In response, someone posted that this sounds very reformed and would be hard for some Christians to swallow. I don’t get it?? Why would this be hard for some Christians to swallow? (seems to have been true of teachings among all Christians with whom I’ve associated — except maybe one person I didn’t know, just heard that he believed in “sinless perfection.”)
I was reading your earlier post above and the questions you are asking…I think I can understand what you’re saying. I sometimes feel exasperated too, wondering how I can ever know if my motives are “right” – always leads me to the verse that says how our hearts are desperately wicked…who can understand them? The answer is not me! Only God can plumb the depths and bring to the surface what we need to see.
Good point, Susan — that only God can plumb the depths, bring to surface what we need to see. This gives me freedom, in that I can rest in Him to reveal sin in His time rather than running in circles trying to determine if my motives are right.
Wouldn’t the idea of not separating the world into heroes and villians be in keeping with Luther’s idea (I think it was Luther…) that we are all “sinner” and “saint” simultanuously. With that in mind, there would be no “hero”/”villian” split or separation possible because we are all part hero/part villian.
Nanci, Yes, I’m pretty sure that’s what Luther taught… So, which Christians WOULD try to separate hero and villian or saint and sinner? (The only thing I can think of is that “sinless perfection” guy I met a long time ago might separate saint and villian). I haven’t heard most Arminians completely divide the two, but I DON’T KNOW!
The Apostle’s Creed does refer to the “communion of saints,” but I don’t think that negates the sinner part (or we wouldn’t need the “forgiveness of sins.”)

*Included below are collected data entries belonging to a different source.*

(* Let $S$ be a numerical semigroup with $\mathrm{l}(S)=3$. Then $\mathrm{t}(S)\in\{2,3,4\}$. Moreover: (a) $\mathrm{t}(S)=2$ iff $\mathrm{h}(S)-\tfrac{\mathrm{F}(S)}{2}\in S$ iff $\mathrm{PF}(S)=\{\mathrm{F}(S),\mathrm{h}(S)\}$; (b) $\mathrm{t}(S)=3$ iff ($\mathrm{h}(S)-\tfrac{\mathrm{F}(S)}{2}\notin S$ and $2\mathrm{h}(S)-\mathrm{F}(S)\in S$) iff $\mathrm{PF}(S)=\{\mathrm{F}(S),\mathrm{h}(S),\tfrac{\mathrm{F}(S)}{2}\}$; (c) $\mathrm{t}(S)=4$ iff $2\mathrm{h}(S)-\mathrm{F}(S)\notin S$ iff $\mathrm{PF}(S)=\{\mathrm{F}(S),\mathrm{h}(S),\tfrac{\mathrm{F}(S)}{2},\mathrm{F}(S)-\mathrm{h}(S)\}$.
   Context: A numerical semigroup is a subset $S\subseteq\mathbb{N}$ closed under addition with $0\in S$ and $\mathbb{N}\setminus S$ finite; $\mathrm{F}(S)=\max(\mathbb{Z}\setminus S)$. $\mathrm{N}(S)=\{s\in S\mid s<\mathrm{F}(S)\}$, $\mathrm{L}(S)=\{x\in\mathbb{N}\setminus S\mid \mathrm{F}(S)-x\notin \mathrm{N}(S)\}$, $\mathrm{l}(S)=\#\mathrm{L}(S)$. For $\mathrm{l}(S)\ge2$, $\mathrm{h}(S)=\max\{x\in\mathbb{N}\setminus S\mid \mathrm{F}(S)-x\in\mathbb{N}\setminus S,\ x\ne \mathrm{F}(S)/2\}$. $\mathrm{PF}(S)=\{x\in\mathbb{Z}\setminus S\mid x+s\in S \text{ for all } s\in S\setminus\{0\}\}$ and the type is $\mathrm{t}(S)=\#\mathrm{PF}(S)$. *)

(* Numerical semigroups are modelled as boolean predicates on nat;
   integer-valued notions (Frobenius number, pseudo-Frobenius numbers) live in int. *)
From HB Require Import structures.
From mathcomp Require Import all_boot all_order all_algebra.
Set Implicit Arguments. Unset Strict Implicit. Unset Printing Implicit Defensive.
Import Order.TTheory GRing.Theory Num.Theory.
Local Open Scope ring_scope.

Definition is_numsg (S : pred nat) : Prop :=
  [/\ S 0%N,
      (forall a b, S a -> S b -> S (a + b)%N) &
      exists N : nat, forall n : nat, (N <= n)%N -> S n].

Definition inS (S : pred nat) (x : int) : bool := (0 <= x) && S `|x|%N.

Definition is_frobenius (S : pred nat) (F : int) : Prop :=
  ~~ inS S F /\ (forall x : int, F < x -> inS S x).

Definition inN (S : pred nat) (F : int) (s : int) : bool := inS S s && (s < F).

Definition gapN (S : pred nat) (x : int) : bool := (0 <= x) && ~~ inS S x.

Definition inL (S : pred nat) (F : int) (x : int) : Prop :=
  gapN S x /\ ~~ inN S F (F - x).

Definition h_cand (S : pred nat) (F : int) (x : int) : Prop :=
  [/\ gapN S x, gapN S (F - x) & 2 * x != F].
Definition is_h (S : pred nat) (F : int) (h : int) : Prop :=
  h_cand S F h /\ (forall x, h_cand S F x -> x <= h).

Definition inPF (S : pred nat) (x : int) : Prop :=
  ~~ inS S x /\ (forall s : nat, S s -> s <> 0%N -> inS S (x + s%:Z)).

Definition card_is (P : int -> Prop) (n : nat) : Prop :=
  exists l : seq int, [/\ uniq l, (forall x, x \in l <-> P x) & size l = n].

(* For F > 0, L(S) is the set of gaps y with 0 < y < F and F - y a gap ([sym_gap]).
   It is closed under y |-> F - y, and h is its largest element other than F/2; as
   l(S) = 3, this forces L(S) = {F - h, F/2, h}. Every pseudo-Frobenius number other than F
   lies in L(S), and an element x of L(S) is pseudo-Frobenius iff no larger y in L(S) has
   y - x in S. Checking this on the three elements: h always is, F/2 is iff h - F/2 is not
   in S, and F - h is iff 2h - F = (h - F/2) + (h - F/2) is not in S. *)

From HB Require Import structures.
From mathcomp Require Import all_boot all_order all_algebra.
From mathcomp Require Import zify.
Import Order.TTheory GRing.Theory Num.Theory.
Local Open Scope ring_scope.

Lemma card_is_inj (P : int -> Prop) n m : card_is P n -> card_is P m -> n = m.
Proof.
move=> [l1 [u1 l1P <-]] [l2 [u2 l2P <-]]; apply/perm_size/uniq_perm => // x.
by apply/idP/idP => [/l1P/l2P | /l2P/l1P].
Qed.

Lemma card_is_leq {P : int -> Prop} {n} s :
  card_is P n -> uniq s -> (forall x, x \in s -> P x) -> (size s <= n)%N.
Proof.
move=> [l [_ lP <-]] us sP; apply: uniq_leq_size => // x /sP Px; exact/lP.
Qed.

Lemma card_is_exists_notin {P : int -> Prop} {n} s :
  card_is P n -> (size s < n)%N -> exists2 x, P x & x \notin s.
Proof.
move=> [l [ul lP <-]] ltsl.
have /hasP [x /lP Px xs] : has (fun x => x \notin s) l.
  apply/negPn/negP; rewrite -all_predC => /allP lsubs.
  have := uniq_leq_size ul (fun x xl => negbNE (lsubs x xl)).
  by rewrite leqNgt ltsl.
by exists x.
Qed.

Section TypeTrichotomy.

Variables (P : int -> Prop) (a c : bool) (u v w z : int).
Hypotheses (uniq_uvwz : uniq [:: u; v; w; z]) (a_c : a -> c).
Hypothesis PE : forall x, P x <-> [\/ x = u, x = v, (x = w /\ ~~ a) | (x = z /\ ~~ c)].

Let distinct : [/\ u <> v, u <> w & u <> z] /\ [/\ v <> w, v <> z & w <> z].
Proof.
move: uniq_uvwz; rewrite /= !inE.
by case/and4P => /norP [/eqP ? /norP [/eqP ? /eqP ?]] /norP [/eqP ? /eqP ?] /eqP ?.
Qed.

Let Pw : P w <-> ~~ a.
Proof.
have [[_ uw _] [vw _ wz]] := distinct.
split=> [/PE [/esym/uw | /esym/vw | [] // | [/wz]] // | na].
exact/PE/Or43.
Qed.

Let Pz : P z <-> ~~ c.
Proof.
have [[_ _ uz] [_ vz wz]] := distinct.
split=> [/PE [/esym/uz | /esym/vz | [/esym/wz] | [] //] // | nc].
exact/PE/Or44.
Qed.

Let type2 : a -> (forall x, P x <-> x = u \/ x = v) /\ card_is P 2.
Proof.
move=> aT; have [[uv _ _] _] := distinct.
have D x : P x <-> x = u \/ x = v.
  rewrite PE aT (a_c aT); split=> [[-> | -> | [_ ?] | [_ ?]] | [] ->];
    by [left | right | apply: Or41 | apply: Or42].
split=> //; exists [:: u; v]; split=> // [|x]; first by rewrite /= inE; lia.
by rewrite D !inE; split=> [/orP [] /eqP | [] ->]; rewrite ?eqxx ?orbT; auto.
Qed.

Let type3 : ~~ a -> c -> (forall x, P x <-> [\/ x = u, x = v | x = w]) /\ card_is P 3.
Proof.
move=> aF cT; have [[uv uw _] [vw _ _]] := distinct.
have D x : P x <-> [\/ x = u, x = v | x = w].
  rewrite PE aF cT; split=> [[-> | -> | [-> _] | [_ ?]] | [] ->];
    by [apply: Or31 | apply: Or32 | apply: Or33 | apply: Or41 | apply: Or42 | apply: Or43].
split=> //; exists [:: u; v; w]; split=> // [|x].
  by rewrite /= !inE; lia.
rewrite D !inE; split=> [/or3P [] /eqP | [] ->]; rewrite ?eqxx ?orbT //;
  by [apply: Or31 | apply: Or32 | apply: Or33].
Qed.

Let type4 : ~~ c ->
  (forall x, P x <-> [\/ x = u, x = v, x = w | x = z]) /\ card_is P 4.
Proof.
move=> cF; have aF := contraNN a_c cF.
have D x : P x <-> [\/ x = u, x = v, x = w | x = z].
  rewrite PE aF cF; split=> [[-> | -> | [-> _] | [-> _]] | [] ->];
    by [apply: Or41 | apply: Or42 | apply: Or43 | apply: Or44].
split=> //; exists [:: u; v; w; z]; split=> // x.
rewrite D !inE; split=> [/or4P [] /eqP | [] ->]; rewrite ?eqxx ?orbT //;
  by [apply: Or41 | apply: Or42 | apply: Or43 | apply: Or44].
Qed.

Let card_type n : card_is P n -> n = if a then 2%N else if c then 3%N else 4%N.
Proof.
move/card_is_inj => eq_n; case: a a_c type2 type3 type4 => [_ t2 _ _ | _ _ t3 t4].
  exact/eq_n/(t2 isT).2.
by case: c t3 t4 => [t3 _ | _ t4]; [exact/eq_n/(t3 isT isT).2 | exact/eq_n/(t4 isT).2].
Qed.

Lemma type_trichotomy :
  [/\ exists t : nat, card_is P t /\ (t \in [:: 2%N; 3%N; 4%N]),
      (card_is P 2 <-> a) /\ (a <-> (forall x, P x <-> (x = u \/ x = v))),
      (card_is P 3 <-> (~~ a /\ c)) /\
      ((~~ a /\ c) <-> (forall x, P x <-> [\/ x = u, x = v | x = w]))
    & (card_is P 4 <-> ~~ c) /\
      (~~ c <-> (forall x, P x <-> [\/ x = u, x = v, x = w | x = z]))].
Proof.
have [[_ uw uz] [vw vz wz]] := distinct.
split; [| split; split | split; split | split; split].
- have [aT | aF] := boolP a; first by exists 2%N; split; first exact: (type2 aT).2.
  have [cT | cF] := boolP c; [exists 3%N | exists 4%N]; split=> //.
  + exact: (type3 aF cT).2.
  + exact: (type4 cF).2.
- by move/card_type; case: a c => [] [].
- by move=> aT; apply: (type2 aT).2.
- by move=> aT; apply: (type2 aT).1.
- move=> D2; apply/negPn/negP => /Pw/D2 [] /esym; [exact: uw | exact: vw].
- by move/card_type; case: a c a_c => [] [].
- by case=> aF cT; apply: (type3 aF cT).2.
- by case=> aF cT; apply: (type3 aF cT).1.
- move=> D3; split; first exact/Pw/D3/Or33.
  by apply/negPn/negP => /Pz/D3 [] /esym; [exact: uz | exact: vz | exact: wz].
- by move/card_type; case: a c a_c => [] [].
- by move=> cF; apply: (type4 cF).2.
- by move=> cF; apply: (type4 cF).1.
- by move=> D4; apply/Pz/D4/Or44.
Qed.

End TypeTrichotomy.

Lemma inS_nat (S : pred nat) (n : nat) : inS S n%:Z = S n.
Proof. by []. Qed.

Definition sym_gap (S : pred nat) (F y : int) : bool :=
  [&& 0 < y, y < F, ~~ inS S y & ~~ inS S (F - y)].

Section NumericalSemigroup.

Context {S : pred nat}.
Hypothesis S0 : S 0%N.
Hypothesis Sadd : forall a b, S a -> S b -> S (a + b)%N.
Context {F : int}.
Hypothesis frobF : is_frobenius S F.

Lemma sym_gapC {y} : sym_gap S F y -> sym_gap S F (F - y).
Proof. by case/and4P=> y0 yF Sy SFy; rewrite /sym_gap subKr Sy SFy andbT; lia. Qed.

Lemma h_cand_sym_gap {x} : h_cand S F x <-> sym_gap S F x /\ 2 * x != F.
Proof.
rewrite /h_cand /gapN /sym_gap.
split=> [[/andP [x0 Sx] /andP [Fx0 SFx] x2] | [/and4P [x0 xF Sx SFx] x2]].
- have ? : x != 0 by apply: contraNneq Sx => ->.
  have ? : F - x != 0 by apply: contraNneq SFx => ->.
  by rewrite Sx SFx x2 !andbT; lia.
- by rewrite Sx SFx x2 !andbT; split=> //; lia.
Qed.

Lemma inSD {x y} : inS S x -> inS S y -> inS S (x + y).
Proof. by case: x => // m; case: y => // n; apply: Sadd. Qed.

Lemma gap_le_frob {x} : ~~ inS S x -> x <= F.
Proof. by move=> Sx; rewrite leNgt; apply: contra Sx; apply: frobF.2. Qed.

Lemma inPF_addS {x y} : inPF S x -> inS S y -> y != 0 -> inS S (x + y).
Proof. by case: y => // n [_ PFx] Sn n0; apply: PFx => // n0'; rewrite n0' in n0. Qed.

Lemma inL_sym_gap x : 0 < F -> inL S F x <-> sym_gap S F x.
Proof.
move=> F0; rewrite /inL /gapN /inN /sym_gap.
split=> [[/andP [x0 Sx] NFx] | /and4P [x0 xF Sx SFx]].
- have xF := gap_le_frob Sx.
  have x0' : x != 0 by apply: contraNneq Sx => ->.
  have xF' : x != F by apply: contraNneq NFx => ->; rewrite subrr F0 andbT.
  move: NFx; rewrite negb_and => /orP [SFx | ?]; last lia.
  by rewrite Sx SFx; lia.
- by rewrite Sx negb_and SFx; split=> //; lia.
Qed.

Lemma inPF_frob : inPF S F.
Proof. by split=> [|s _ s0]; [exact: frobF.1 | apply: frobF.2; lia]. Qed.

Lemma inPF_sym_gap {x} : inPF S x -> x != F -> sym_gap S F x.
Proof.
move=> PFx xF; have [Sx _] := PFx.
have SFx : ~~ inS S (F - x).
  apply: contra (frobF.1) => SFx.
  have := inPF_addS PFx SFx; rewrite subrKC; apply.
  by apply: contraNneq xF; lia.
have := gap_le_frob Sx; have := gap_le_frob SFx.
have ? : x != 0 by apply: contraNneq Sx => ->.
by rewrite /sym_gap Sx SFx !andbT; lia.
Qed.

Lemma sym_gap_inPF {x} : sym_gap S F x ->
  inPF S x <-> (forall y, sym_gap S F y -> x < y -> ~~ inS S (y - x)).
Proof.
move=> /and4P [x0 xF Sx SFx]; split=> [PFx y /and4P [_ _ Sy _] xy | gaps].
  apply: contra Sy => Syx; have := inPF_addS PFx Syx; rewrite subrKC; apply.
  lia.
split=> // s Ss s0.
case: (ltgtP (x + s%:Z) F) => [ltF | gtF | eqF]; last first.
- by move: SFx; rewrite -eqF [_ - x]addrC addKr inS_nat Ss.
- exact: frobF.2.
- apply/negPn/negP => Sxs.
  have SFxs : ~~ inS S (F - (x + s%:Z)).
    apply: contra SFx => SFxs.
    have -> : F - x = F - (x + s%:Z) + s%:Z by rewrite opprD addrA subrK.
    exact: inSD.
  have sg : sym_gap S F (x + s%:Z) by rewrite /sym_gap Sxs SFxs !andbT; lia.
  have xxs : x < x + s%:Z by lia.
  by move: (gaps _ sg xxs); rewrite [_ - x]addrC addKr inS_nat Ss.
Qed.

Section LengthThree.

Context {h : int}.
Hypothesis hH : is_h S F h.
Hypothesis L3 : card_is (inL S F) 3.

Local Notation k := (F %/ 2)%Z.

Let h_sym_gap : sym_gap S F h /\ 2 * h != F.
Proof. exact/h_cand_sym_gap/hH.1. Qed.

Lemma frob_gt0 : 0 < F.
Proof. by case: h_sym_gap => /and4P [h0 hF _ _] _; lia. Qed.

Lemma sym_gap_le_h {y} : sym_gap S F y -> 2 * y != F -> y <= h.
Proof. by move=> gy y2; apply: hH.2; apply/h_cand_sym_gap. Qed.

Lemma frob_lt_2h : F < 2 * h.
Proof.
have [gh h2] := h_sym_gap.
have := sym_gap_le_h (sym_gapC gh); lia.
Qed.

Let sym_gap_card : card_is (fun y => sym_gap S F y) 3.
Proof.
have [l [ul lL sl]] := L3; exists l; split=> // y.
by rewrite lL inL_sym_gap // frob_gt0.
Qed.

Lemma sym_gap_off_centre {y} : sym_gap S F y -> 2 * y != F -> y = h \/ y = F - h.
Proof.
move=> gy y2; have [gh _] := h_sym_gap.
have le_y := sym_gap_le_h gy y2.
have le_Fy : F - y <= h by apply: sym_gap_le_h (sym_gapC gy) _; lia.
case: (eqVneq y h) => [|yh]; first by left.
case: (eqVneq y (F - h)) => [|yFh]; first by right.
(* otherwise {y, F - y} would be a second pair of elements of L(S) besides {h, F - h} *)
have uniq4 : uniq [:: h; F - h; y; F - y].
  by rewrite /= !inE; have := frob_lt_2h; lia.
have sub4 x : x \in [:: h; F - h; y; F - y] -> sym_gap S F x.
  by rewrite !inE => /or4P [] /eqP ->; by [| apply: sym_gapC].
by have := card_is_leq _ sym_gap_card uniq4 sub4.
Qed.

Lemma sym_gap_centre : 2 * k = F /\ sym_gap S F k.
Proof.
have [c gc] := card_is_exists_notin [:: h; F - h] sym_gap_card isT.
rewrite !inE => /norP [/eqP ch /eqP cFh].
have c2 : 2 * c = F.
  by apply/eqP/negPn/negP => /(sym_gap_off_centre gc) [/ch | /cFh].
by have -> : k = c by lia.
Qed.

Lemma sym_gapE y : sym_gap S F y <-> [\/ y = F - h, y = k | y = h].
Proof.
have [gh _] := h_sym_gap; have [k2 gk] := sym_gap_centre.
split=> [gy | [] ->]; rewrite ?sym_gapC //.
have [y2 | /(sym_gap_off_centre gy) []] := eqVneq (2 * y) F.
- by apply: Or32; lia.
- by move=> ->; apply: Or33.
- by move=> ->; apply: Or31.
Qed.

Let half_between : F - h < k < h.
Proof. by have [k2 _] := sym_gap_centre; have := frob_lt_2h; lia. Qed.

Lemma PF_candidates_uniq : uniq [:: F; h; k; F - h].
Proof.
have [/and4P [_ hF _ _] _] := h_sym_gap; have [Fhk kh] := andP half_between.
by rewrite /= !inE; lia.
Qed.

Lemma inPF_h : inPF S h.
Proof.
have [gh _] := h_sym_gap; apply/(sym_gap_inPF gh) => y /sym_gapE [] -> hy;
  by have := half_between; lia.
Qed.

Lemma inPF_half : inPF S k <-> ~~ inS S (h - k).
Proof.
have [_ gk] := sym_gap_centre; have [kF kh] := andP half_between.
rewrite (sym_gap_inPF gk); split=> [gaps | Shk y /sym_gapE [] -> ky //].
  by apply: gaps kh; case: h_sym_gap.
all: lia.
Qed.

Lemma inS_2h_subF : inS S (h - k) -> inS S (2 * h - F).
Proof.
have [k2 _] := sym_gap_centre.
move=> Shk; have -> : 2 * h - F = (h - k) + (h - k) by lia.
exact: inSD.
Qed.

Lemma inPF_Fsubh : inPF S (F - h) <-> ~~ inS S (2 * h - F).
Proof.
have [gh _] := h_sym_gap; have [k2 _] := sym_gap_centre.
rewrite (sym_gap_inPF (sym_gapC gh)); split=> [gaps | S2h y /sym_gapE [] -> hy].
- have -> : 2 * h - F = h - (F - h) by lia.
  by apply: gaps gh _; lia.
- lia.
- have -> : k - (F - h) = h - k by lia.
  exact: contra inS_2h_subF S2h.
- by have -> : h - (F - h) = 2 * h - F by lia.
Qed.

Lemma inPFE x : inPF S x <->
  [\/ x = F, x = h, x = k /\ ~~ inS S (h - k) | x = F - h /\ ~~ inS S (2 * h - F)].
Proof.
split=> [PFx | [-> | -> | [-> /inPF_half] | [-> /inPF_Fsubh]] //].
- have [-> | xF] := eqVneq x F; first exact: Or41.
  have /sym_gapE gx := inPF_sym_gap PFx xF.
  case: gx PFx => ->.
  + by move/inPF_Fsubh => ?; apply: Or44.
  + by move/inPF_half => ?; apply: Or43.
  + by move=> _; apply: Or42.
- exact: inPF_frob.
- exact: inPF_h.
Qed.

End LengthThree.

End NumericalSemigroup.

Theorem corollary17 (S : pred nat) (F h : int) :
  is_numsg S -> is_frobenius S F -> card_is (inL S F) 3 -> is_h S F h ->
  [/\ exists t : nat, card_is (inPF S) t /\ (t \in [:: 2%N; 3%N; 4%N]),
      (* (a) *)
      (card_is (inPF S) 2 <-> inS S (h - (F %/ 2)%Z)) /\
      (inS S (h - (F %/ 2)%Z) <-> (forall x, inPF S x <-> (x = F \/ x = h))),
      (* (b) *)
      (card_is (inPF S) 3 <-> (~~ inS S (h - (F %/ 2)%Z) /\ inS S (2 * h - F))) /\
      ((~~ inS S (h - (F %/ 2)%Z) /\ inS S (2 * h - F)) <->
         (forall x, inPF S x <-> [\/ x = F, x = h | x = (F %/ 2)%Z]))
    & (* (c) *)
      (card_is (inPF S) 4 <-> ~~ inS S (2 * h - F)) /\
      (~~ inS S (2 * h - F) <->
         (forall x, inPF S x <-> [\/ x = F, x = h, x = (F %/ 2)%Z | x = F - h]))].
Proof.
move=> [S0 Sadd _] frobF L3 hH.
exact: type_trichotomy (PF_candidates_uniq S0 frobF hH L3)
  (inS_2h_subF S0 Sadd frobF hH L3) (inPFE S0 Sadd frobF hH L3).
Qed.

Just looked something up in Luther’s Small Catechism: meaning of “forgive us our trespasses” part of Lord’s prayer: “… for we are worthy of none of the things for which we pray, neither have we deserved them; but that He would grant them all to us by grace; for we daily sin much, and indeed deserve nothing but punishment. So will we verily, on our part, also heartily forgive and also readily do good to those who sin against us.”
Anyhow, trying to figure out why some would think it sounds Reformed (and therefore they shouldn’t believe it). I thought most Christians would agree that we can’t divide the world into hero and villian??
And a tangent: I wish Luther hadn’t been so anti-Semitic. But I guess the awful stuff he wrote/said is an example of saints also being sinners. Ugh! I cringe when I read some of those quotes.
Yes, me too…it is hard to believe that such a wise man could have wrote such awful things. I was told once by a Lutheran pastor that Luther only said those things because he was kind of “out of his mind” with uric poisoning…I don’t know…long and short, it IS a shame…
interesting about the uric poisoning!
This fits well with Whats So Amazing About Grace for those who have been reading it. How angry and hateful Christians can be with those who support opposing political views, homosexuals, or drug addicts dividing people in our minds into those we have decided are ‘like us’ and those who are not.
I thought of Hebrew 13, the admonishments there to clove and care for others and to be willing to ‘go outside the the camp’ as Jesus did, being willing to bear the disgrace he bore.
I only have a minute but God led me to this last night and thought some others might find it helpful too:
“Grace for Regretful Parents” by Elyse Fitzpatrick (author of Give Them Grace)
http://biblicalcounselingcoalition.org/blogs/2011/06/20/grace-for-regretful-parents-too/
Thanks for sharing this…it was really good. I heard Elyse and her daughter on a radio show a few weeks ago, talking about their new book. It gave me encouragement – hope it did the same for you, too!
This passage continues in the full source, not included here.